WHOが推進しているHPVワクチンの接種計画は,極めて高率が良く,ワクチンのもたらす恩恵は計り知れない。ワクチンを積極的に導入した国々は,若い女性において,子宮頚癌の前癌病変が,50%減少していることを認めています。

それに反して,日本(Japan)に於いては「接種勧奨差し控え」のため,子宮頚がんによる死亡率が1995~2005年の間に,5.9%増加しています。この日本における死亡率の増加は,15~44歳の女性に於いて極めて顕著です。(訳者の注釈:子宮頚がんは若い女性に多く,そのため,9年間の「接種勧奨差し控え」により,多くの若い女性が子宮癌で死んでいったと述べています。)
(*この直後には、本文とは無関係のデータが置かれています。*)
Lemma ex_maximal (P : nat -> Prop) N : (exists k, P k) -> (forall k, P k -> k <= N) ->
  exists k, P k /\ forall j, P j -> j <= k.
Proof.
move=> [k0 Pk0] bounded.
have [m [m_ub m_min]] := ex_minimal (ex_intro (fun m => forall j, P j -> j <= m) N bounded).
exists m; split=> //; apply: NNPP => notPm.
case: m m_ub m_min notPm => [|m] m_ub m_min notPm.
  have k0E : k0 = 0 by have := m_ub k0 Pk0; lia.
  by rewrite k0E in Pk0.
apply: (m_min m (ltnSn m)) => j Pj.
have := m_ub j Pj; rewrite leq_eqVlt => /orP[/eqP jE|] //.
by move: Pj; rewrite jE.
Qed.

Lemma contains_pat4 n (p : 'S_n) (q : seq nat) a b c d :
  size q = 4 -> a < b -> b < c -> c < d -> d < n ->
  (forall i j : 'I_4, (nth 0 q i < nth 0 q j) =
     (entry p (nth 0 [:: a; b; c; d] i) < entry p (nth 0 [:: a; b; c; d] j))) ->
  contains_pat p q.
Proof.
move=> size_q lt_ab lt_bc lt_cd lt_dn same_order.
have pos_lt : forall i : 'I_4, nth 0 [:: a; b; c; d] i < n.
  by case=> [[|[|[|[|i]]]] lt_i4] //=; lia.
rewrite /contains_pat size_q.
exists (fun i : 'I_4 => Ordinal (pos_lt i)); split.
  by move=> [[|[|[|[|i]]]] ?] [[|[|[|[|j]]]] ?] //= _; lia.
by move=> i j; rewrite same_order -!entryE.
Qed.

(** * Convex blocks of simple permutations *)

Definition convex_block n (p : 'S_n) a b : Prop :=
  forall k i1 i2, k < n -> a <= i1 <= b -> a <= i2 <= b -> ~~ (a <= k <= b) ->
    entry p i1 < entry p k -> entry p k < entry p i2 -> False.

Section Intervals.
Variables (n : nat) (p : 'S_n).

Lemma convex_block_values a b : a <= b -> b < n -> convex_block p a b ->
  exists lo hi, forall v, (exists2 k, a <= k <= b & entry p k = v) <-> lo <= v <= hi.
Proof.
move=> le_ab lt_bn convex.
have [i1 range_i1 min_i1] := exists_argmin p le_ab lt_bn.
have [i2 range_i2 max_i2] := exists_argmax p le_ab lt_bn.
exists (entry p i1), (entry p i2) => v; split=> [[k range_k <-]|/andP[ge_v le_v]].
  by rewrite min_i1 ?max_i2.
have lt_i2n : i2 < n by lia.
have [k lt_kn kE] := entry_onto p (leq_ltn_trans le_v (entry_lt p lt_i2n)).
case range_k: (a <= k <= b); first by exists k.
have k_new : forall i, a <= i <= b -> entry p i <> v.
  move=> i range_i; rewrite -kE => /entry_inj eq_ik.
  by move: range_k; rewrite -eq_ik ?range_i //; lia.
have lt1 : entry p i1 < v by have := k_new i1 range_i1; lia.
have lt2 : v < entry p i2 by have := k_new i2 range_i2; lia.
by case: (convex k i1 i2 lt_kn range_i1 range_i2); rewrite ?range_k ?kE.
Qed.

Lemma interval_of_values a b lo hi : a <= b -> b < n ->
  (forall v, (exists2 k, a <= k <= b & entry p k = v) <-> lo <= v <= hi) ->
  is_interval p a b.
Proof.
move=> le_ab lt_bn values.
set s := map (entry p) (iota a (b - a + 1)).
have uniq_s : uniq s.
  rewrite map_inj_in_uniq ?iota_uniq // => i j; rewrite !mem_iota => range_i range_j.
  by apply: entry_inj; lia.
have le_lohi : lo <= hi.
  have range_a : a <= a <= b by rewrite leqnn.
  by have := proj1 (values _) (ex_intro2 _ _ a range_a erefl); lia.
have s_range : s =i iota lo (hi - lo + 1).
  move=> v; rewrite mem_iota; have [to_range of_range] := values v.
  apply/mapP/idP => [[k]|range_v].
    rewrite mem_iota => range_k vE; have range_k' : a <= k <= b by lia.
    by have := to_range (ex_intro2 _ _ k range_k' (esym vE)); lia.
  have [|k range_k <-] := of_range; first lia.
  by exists k; rewrite // mem_iota; lia.
have := perm_size (uniq_perm uniq_s (iota_uniq _ _) s_range).
rewrite size_map !size_iota => sizeE.
split; first by apply/andP.
exists lo => v; split=> [[o [ge_o le_o <-]]|range_v].
  have range_o : a <= o <= b by rewrite ge_o le_o.
  by have := proj1 (values _) (ex_intro2 _ _ (nat_of_ord o) range_o (entryE p o)); lia.
have [|k range_k kE] := proj2 (values v); first lia.
have lt_kn : k < n by lia.
by exists (Ordinal lt_kn); rewrite -kE -entryE; split=> //=; lia.
Qed.

Lemma simple_convex_block a b : simple_perm p -> convex_block p a b ->
  a < b -> b < n -> a = 0 /\ b = n.-1.
Proof.
move=> simple convex lt_ab lt_bn.
have [lo [hi values]] := convex_block_values (ltnW lt_ab) lt_bn convex.
have := simple a b (interval_of_values (ltnW lt_ab) lt_bn values); lia.
Qed.

Lemma simple_no_adjacent_consecutive a : simple_perm p -> 2 < n -> a.+1 < n ->
  entry p a.+1 = (entry p a).+1 \/ entry p a = (entry p a.+1).+1 -> False.
Proof.
move=> simple gt2n lt_an consecutive.
suff /(simple_convex_block simple) : convex_block p a a.+1 by case=> //; lia.
move=> k i1 i2 _ range_i1 range_i2 _.
have [-> | ->] : i1 = a \/ i1 = a.+1 by lia.
all: have [-> | ->] : i2 = a \/ i2 = a.+1 by lia.
all: lia.
Qed.

End Intervals.

(** * The four cells of a simple permutation avoiding 4231 and 3124 *)

Section SimpleAvoiders.
Variables (n : nat) (p : 'S_n).
Hypotheses (p_simple : simple_perm p)
  (p_av4231 : avoids p [:: 4; 2; 3; 1]) (p_av3124 : avoids p [:: 3; 1; 2; 4]).

Local Notation pv := (entry p).
Local Notation L := (entry p n.-1).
ワクチンが導入されてから約10年になりますが,世界的に見ると,ワクチン接種の普及は緩徐であり,子宮頚がんによる死亡リスクの高い国は,ワクチンの導入に消極的な国に限られています。ワクチンの認可以後,WHOの安全性諮問委員会は,極めて巨大な母集団で,そして科学的に極めて質の高い調査・研究を行ってきましたが,問題となるような有害事象(副作用)が生じた症例を,1例たりとも,認めていません。

《Centers for Disease Control and Prevention》

米国疾病予防管理センター。 疾病対策センター。

新型コロナウイルスで有名となった,米国のCDCでは,2021年までに1億3,500万回接種したデーターを基に,その安全性と有効性について下記サイトにおいて記載している。

HPV Vaccine Safety and Effectiveness Data by CDC

HPVワクチンは,世界中の国で接種されているが,「接種勧奨差し控え」などが出され,9年間もの間,HPVワクチンの接種を,殆どの人が受けなかったのは,唯一,日本だけです。

それでは,何故このような事態になってしまったのでしょう??

この問題を迷宮入りに陥れている原因は,薬事協議会,HPVワクチン薬害訴訟全国原告団が入っており,因果関係の明白なサリドマイドやスモンと同位置にあることです。

因果関係も明確でないのに,何故このようなこと至ったのかは,一切不明です。